### Data provided
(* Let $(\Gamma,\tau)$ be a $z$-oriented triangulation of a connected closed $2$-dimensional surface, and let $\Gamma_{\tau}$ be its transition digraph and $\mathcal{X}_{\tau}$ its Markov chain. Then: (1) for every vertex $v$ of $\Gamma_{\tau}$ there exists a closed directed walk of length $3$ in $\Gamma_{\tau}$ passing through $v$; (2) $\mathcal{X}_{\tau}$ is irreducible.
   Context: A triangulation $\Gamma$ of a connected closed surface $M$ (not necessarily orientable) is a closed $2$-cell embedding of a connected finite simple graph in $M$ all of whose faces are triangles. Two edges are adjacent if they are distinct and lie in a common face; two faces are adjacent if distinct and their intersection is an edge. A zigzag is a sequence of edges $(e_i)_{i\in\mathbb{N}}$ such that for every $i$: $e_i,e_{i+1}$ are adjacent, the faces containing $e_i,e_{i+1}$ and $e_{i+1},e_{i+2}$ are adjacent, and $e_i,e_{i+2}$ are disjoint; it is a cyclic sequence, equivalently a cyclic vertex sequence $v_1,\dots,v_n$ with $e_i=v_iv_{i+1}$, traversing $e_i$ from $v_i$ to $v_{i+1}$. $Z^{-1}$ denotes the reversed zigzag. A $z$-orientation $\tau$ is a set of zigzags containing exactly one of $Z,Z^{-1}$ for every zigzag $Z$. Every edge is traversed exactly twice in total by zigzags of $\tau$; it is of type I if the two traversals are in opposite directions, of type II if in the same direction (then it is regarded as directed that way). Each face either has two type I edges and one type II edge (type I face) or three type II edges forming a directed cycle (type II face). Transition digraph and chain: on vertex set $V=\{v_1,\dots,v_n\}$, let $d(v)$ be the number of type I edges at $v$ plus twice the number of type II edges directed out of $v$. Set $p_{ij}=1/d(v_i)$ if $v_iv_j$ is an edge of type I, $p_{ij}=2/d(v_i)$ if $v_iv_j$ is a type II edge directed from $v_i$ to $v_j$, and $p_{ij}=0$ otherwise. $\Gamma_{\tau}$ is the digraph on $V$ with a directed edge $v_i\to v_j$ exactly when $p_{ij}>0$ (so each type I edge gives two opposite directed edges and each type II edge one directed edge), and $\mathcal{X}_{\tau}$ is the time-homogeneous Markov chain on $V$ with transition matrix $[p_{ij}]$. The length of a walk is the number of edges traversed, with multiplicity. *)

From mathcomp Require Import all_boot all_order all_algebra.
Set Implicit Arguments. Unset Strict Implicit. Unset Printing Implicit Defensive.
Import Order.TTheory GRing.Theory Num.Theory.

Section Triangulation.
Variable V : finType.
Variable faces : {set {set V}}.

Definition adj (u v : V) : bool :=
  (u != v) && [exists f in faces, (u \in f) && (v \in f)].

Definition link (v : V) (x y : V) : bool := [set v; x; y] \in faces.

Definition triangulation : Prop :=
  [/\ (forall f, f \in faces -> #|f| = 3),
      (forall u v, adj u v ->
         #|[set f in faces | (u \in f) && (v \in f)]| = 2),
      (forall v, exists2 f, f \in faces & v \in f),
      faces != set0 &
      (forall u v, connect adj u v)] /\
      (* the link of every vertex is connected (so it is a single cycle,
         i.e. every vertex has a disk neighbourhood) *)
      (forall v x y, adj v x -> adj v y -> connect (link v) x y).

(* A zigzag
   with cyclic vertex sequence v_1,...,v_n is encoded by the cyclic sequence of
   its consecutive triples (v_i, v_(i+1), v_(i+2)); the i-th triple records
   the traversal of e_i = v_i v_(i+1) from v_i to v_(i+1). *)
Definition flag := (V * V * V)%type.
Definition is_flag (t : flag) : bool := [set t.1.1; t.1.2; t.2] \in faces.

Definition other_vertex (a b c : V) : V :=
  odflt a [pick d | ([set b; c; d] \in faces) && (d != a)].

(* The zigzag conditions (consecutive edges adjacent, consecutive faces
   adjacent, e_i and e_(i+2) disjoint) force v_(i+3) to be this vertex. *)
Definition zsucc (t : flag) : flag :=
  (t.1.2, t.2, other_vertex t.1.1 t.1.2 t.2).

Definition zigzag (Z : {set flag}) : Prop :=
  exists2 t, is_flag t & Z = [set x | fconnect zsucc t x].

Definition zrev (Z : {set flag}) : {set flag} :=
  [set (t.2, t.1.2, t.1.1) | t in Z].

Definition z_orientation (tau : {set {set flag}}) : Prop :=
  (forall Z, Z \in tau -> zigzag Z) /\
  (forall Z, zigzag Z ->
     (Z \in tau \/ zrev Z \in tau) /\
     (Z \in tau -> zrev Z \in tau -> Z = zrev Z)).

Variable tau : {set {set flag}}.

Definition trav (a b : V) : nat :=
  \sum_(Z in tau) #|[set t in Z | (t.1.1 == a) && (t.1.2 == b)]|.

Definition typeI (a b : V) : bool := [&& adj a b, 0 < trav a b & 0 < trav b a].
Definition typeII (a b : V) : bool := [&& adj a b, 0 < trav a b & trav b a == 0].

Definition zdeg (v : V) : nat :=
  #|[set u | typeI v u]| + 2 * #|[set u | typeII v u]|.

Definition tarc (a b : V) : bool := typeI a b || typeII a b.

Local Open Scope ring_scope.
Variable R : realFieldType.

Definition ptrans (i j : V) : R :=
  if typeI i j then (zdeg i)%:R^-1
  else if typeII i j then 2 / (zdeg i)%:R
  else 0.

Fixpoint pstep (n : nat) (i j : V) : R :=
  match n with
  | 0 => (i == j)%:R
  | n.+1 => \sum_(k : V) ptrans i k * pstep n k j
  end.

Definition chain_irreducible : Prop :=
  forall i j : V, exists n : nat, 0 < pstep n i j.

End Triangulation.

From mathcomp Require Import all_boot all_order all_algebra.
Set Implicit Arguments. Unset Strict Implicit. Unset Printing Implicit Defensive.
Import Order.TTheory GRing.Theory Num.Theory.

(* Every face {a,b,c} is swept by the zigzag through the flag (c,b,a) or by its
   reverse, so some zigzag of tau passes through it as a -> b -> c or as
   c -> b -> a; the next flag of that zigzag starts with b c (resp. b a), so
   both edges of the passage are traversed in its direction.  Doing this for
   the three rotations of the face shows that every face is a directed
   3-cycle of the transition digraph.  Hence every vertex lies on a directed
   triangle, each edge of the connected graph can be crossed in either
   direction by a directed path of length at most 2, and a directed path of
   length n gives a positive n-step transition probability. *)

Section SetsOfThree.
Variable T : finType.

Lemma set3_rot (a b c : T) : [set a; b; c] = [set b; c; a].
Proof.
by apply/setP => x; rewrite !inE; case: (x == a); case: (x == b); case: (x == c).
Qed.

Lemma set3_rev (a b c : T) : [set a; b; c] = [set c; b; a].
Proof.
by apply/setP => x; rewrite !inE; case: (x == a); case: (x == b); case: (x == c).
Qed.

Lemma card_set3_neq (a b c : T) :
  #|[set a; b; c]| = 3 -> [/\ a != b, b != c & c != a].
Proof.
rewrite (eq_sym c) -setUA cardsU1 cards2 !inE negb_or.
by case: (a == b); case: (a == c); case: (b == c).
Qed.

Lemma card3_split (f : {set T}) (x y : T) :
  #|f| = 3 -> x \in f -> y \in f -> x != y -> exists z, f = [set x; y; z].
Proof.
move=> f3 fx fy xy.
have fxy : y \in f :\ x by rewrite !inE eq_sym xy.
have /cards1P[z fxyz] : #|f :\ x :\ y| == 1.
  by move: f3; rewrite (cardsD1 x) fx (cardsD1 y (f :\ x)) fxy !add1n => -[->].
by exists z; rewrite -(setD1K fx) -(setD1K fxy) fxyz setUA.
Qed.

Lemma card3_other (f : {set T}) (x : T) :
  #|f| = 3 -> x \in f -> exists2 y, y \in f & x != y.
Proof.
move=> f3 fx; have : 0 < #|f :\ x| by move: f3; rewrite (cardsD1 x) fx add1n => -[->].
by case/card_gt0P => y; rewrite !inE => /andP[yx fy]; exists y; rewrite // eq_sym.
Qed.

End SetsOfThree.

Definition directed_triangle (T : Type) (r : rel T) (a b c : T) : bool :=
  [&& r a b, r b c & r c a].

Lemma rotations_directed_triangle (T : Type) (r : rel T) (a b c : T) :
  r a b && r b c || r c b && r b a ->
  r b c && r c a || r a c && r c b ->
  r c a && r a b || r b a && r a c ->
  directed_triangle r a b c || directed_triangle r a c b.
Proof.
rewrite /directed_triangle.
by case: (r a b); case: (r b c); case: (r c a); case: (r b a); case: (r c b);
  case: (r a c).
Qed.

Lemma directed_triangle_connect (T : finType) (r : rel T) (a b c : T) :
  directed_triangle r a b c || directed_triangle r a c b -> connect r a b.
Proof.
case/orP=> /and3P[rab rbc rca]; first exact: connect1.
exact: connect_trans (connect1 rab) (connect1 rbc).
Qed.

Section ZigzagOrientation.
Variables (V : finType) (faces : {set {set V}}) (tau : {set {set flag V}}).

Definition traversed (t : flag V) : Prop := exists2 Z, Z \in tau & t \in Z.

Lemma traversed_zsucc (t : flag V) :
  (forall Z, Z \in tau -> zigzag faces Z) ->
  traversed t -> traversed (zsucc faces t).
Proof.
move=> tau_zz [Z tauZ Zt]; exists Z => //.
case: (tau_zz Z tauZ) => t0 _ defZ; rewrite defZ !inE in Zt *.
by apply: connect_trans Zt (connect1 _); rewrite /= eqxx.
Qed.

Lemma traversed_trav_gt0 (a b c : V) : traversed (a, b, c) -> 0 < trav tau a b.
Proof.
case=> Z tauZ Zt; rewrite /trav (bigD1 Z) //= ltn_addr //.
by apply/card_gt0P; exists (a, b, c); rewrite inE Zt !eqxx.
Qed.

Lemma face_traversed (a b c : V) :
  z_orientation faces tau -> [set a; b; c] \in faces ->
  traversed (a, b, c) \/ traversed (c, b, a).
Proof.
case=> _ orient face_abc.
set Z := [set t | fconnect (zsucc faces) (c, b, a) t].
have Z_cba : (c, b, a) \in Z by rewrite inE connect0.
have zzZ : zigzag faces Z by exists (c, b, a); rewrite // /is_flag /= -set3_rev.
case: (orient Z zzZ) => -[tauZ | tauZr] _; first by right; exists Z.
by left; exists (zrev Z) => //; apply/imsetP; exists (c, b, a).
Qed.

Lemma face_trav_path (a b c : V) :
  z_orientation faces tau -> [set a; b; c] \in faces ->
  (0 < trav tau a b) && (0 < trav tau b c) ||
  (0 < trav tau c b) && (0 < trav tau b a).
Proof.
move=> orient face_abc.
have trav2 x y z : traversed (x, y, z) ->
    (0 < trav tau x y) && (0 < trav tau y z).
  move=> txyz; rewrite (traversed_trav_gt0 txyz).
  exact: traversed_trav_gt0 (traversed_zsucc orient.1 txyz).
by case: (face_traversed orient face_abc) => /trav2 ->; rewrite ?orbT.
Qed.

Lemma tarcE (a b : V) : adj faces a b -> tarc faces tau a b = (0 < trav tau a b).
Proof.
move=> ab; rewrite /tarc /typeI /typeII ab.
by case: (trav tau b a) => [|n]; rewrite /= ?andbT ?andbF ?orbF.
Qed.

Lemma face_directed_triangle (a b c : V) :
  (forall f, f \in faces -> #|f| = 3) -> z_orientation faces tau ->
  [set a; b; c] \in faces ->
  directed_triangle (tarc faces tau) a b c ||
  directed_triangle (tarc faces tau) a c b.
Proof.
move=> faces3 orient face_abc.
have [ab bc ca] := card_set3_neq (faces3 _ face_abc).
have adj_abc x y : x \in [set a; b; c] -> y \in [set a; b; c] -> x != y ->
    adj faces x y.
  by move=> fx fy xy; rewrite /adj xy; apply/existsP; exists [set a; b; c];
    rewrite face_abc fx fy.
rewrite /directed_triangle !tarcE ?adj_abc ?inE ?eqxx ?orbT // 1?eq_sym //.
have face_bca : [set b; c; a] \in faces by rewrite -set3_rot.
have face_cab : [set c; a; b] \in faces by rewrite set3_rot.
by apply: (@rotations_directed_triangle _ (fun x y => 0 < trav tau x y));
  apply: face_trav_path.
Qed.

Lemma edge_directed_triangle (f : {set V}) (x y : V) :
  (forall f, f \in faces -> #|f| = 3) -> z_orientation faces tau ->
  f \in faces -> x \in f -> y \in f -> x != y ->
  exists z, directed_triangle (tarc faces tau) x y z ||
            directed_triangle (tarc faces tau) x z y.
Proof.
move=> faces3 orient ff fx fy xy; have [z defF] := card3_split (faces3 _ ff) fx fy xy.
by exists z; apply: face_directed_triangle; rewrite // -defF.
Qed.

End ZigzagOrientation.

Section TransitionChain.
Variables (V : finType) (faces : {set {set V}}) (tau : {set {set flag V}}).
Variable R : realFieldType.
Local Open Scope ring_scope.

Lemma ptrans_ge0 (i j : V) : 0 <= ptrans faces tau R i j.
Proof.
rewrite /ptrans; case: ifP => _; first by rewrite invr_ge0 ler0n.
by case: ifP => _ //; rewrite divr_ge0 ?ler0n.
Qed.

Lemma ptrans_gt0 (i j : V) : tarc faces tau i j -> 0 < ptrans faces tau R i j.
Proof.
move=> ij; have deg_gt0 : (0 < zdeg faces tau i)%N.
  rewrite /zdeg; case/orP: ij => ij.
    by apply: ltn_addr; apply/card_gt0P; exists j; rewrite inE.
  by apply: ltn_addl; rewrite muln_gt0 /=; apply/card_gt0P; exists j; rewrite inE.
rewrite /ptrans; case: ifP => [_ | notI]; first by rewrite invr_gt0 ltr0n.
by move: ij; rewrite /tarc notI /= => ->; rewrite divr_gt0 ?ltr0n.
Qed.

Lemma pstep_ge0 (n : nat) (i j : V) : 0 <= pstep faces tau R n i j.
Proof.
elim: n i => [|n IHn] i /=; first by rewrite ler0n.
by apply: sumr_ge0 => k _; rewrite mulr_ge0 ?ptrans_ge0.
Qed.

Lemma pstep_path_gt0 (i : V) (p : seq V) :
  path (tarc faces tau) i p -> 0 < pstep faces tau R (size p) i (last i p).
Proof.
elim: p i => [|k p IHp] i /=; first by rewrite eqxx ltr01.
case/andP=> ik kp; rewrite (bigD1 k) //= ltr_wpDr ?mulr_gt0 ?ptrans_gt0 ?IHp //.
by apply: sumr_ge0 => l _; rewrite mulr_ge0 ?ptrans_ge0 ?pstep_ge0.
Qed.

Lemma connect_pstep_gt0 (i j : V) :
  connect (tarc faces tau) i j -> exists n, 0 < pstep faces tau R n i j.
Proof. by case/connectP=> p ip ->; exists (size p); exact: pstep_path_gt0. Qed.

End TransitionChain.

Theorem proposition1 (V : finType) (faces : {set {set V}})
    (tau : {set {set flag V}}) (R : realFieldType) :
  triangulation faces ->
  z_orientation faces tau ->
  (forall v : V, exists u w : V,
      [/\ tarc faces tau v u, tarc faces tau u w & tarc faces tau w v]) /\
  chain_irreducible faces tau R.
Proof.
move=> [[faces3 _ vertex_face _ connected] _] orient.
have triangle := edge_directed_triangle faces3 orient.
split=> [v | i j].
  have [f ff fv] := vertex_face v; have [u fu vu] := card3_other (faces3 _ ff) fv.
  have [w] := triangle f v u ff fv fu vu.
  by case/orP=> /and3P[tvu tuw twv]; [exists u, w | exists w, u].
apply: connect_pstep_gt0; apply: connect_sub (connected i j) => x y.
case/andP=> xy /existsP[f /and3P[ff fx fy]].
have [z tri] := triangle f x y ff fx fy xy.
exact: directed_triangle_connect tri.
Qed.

### Required work
Every line with "typeII" in it should be copied from the entries above.

### Reply
Definition typeII (a b : V) : bool := [&& adj a b, 0 < trav a b & trav b a == 0].
  #|[set u | typeI v u]| + 2 * #|[set u | typeII v u]|.
Definition tarc (a b : V) : bool := typeI a b || typeII a b.
  else if typeII i j then 2 / (zdeg i)%:R
move=> ab; rewrite /tarc /typeI /typeII ab.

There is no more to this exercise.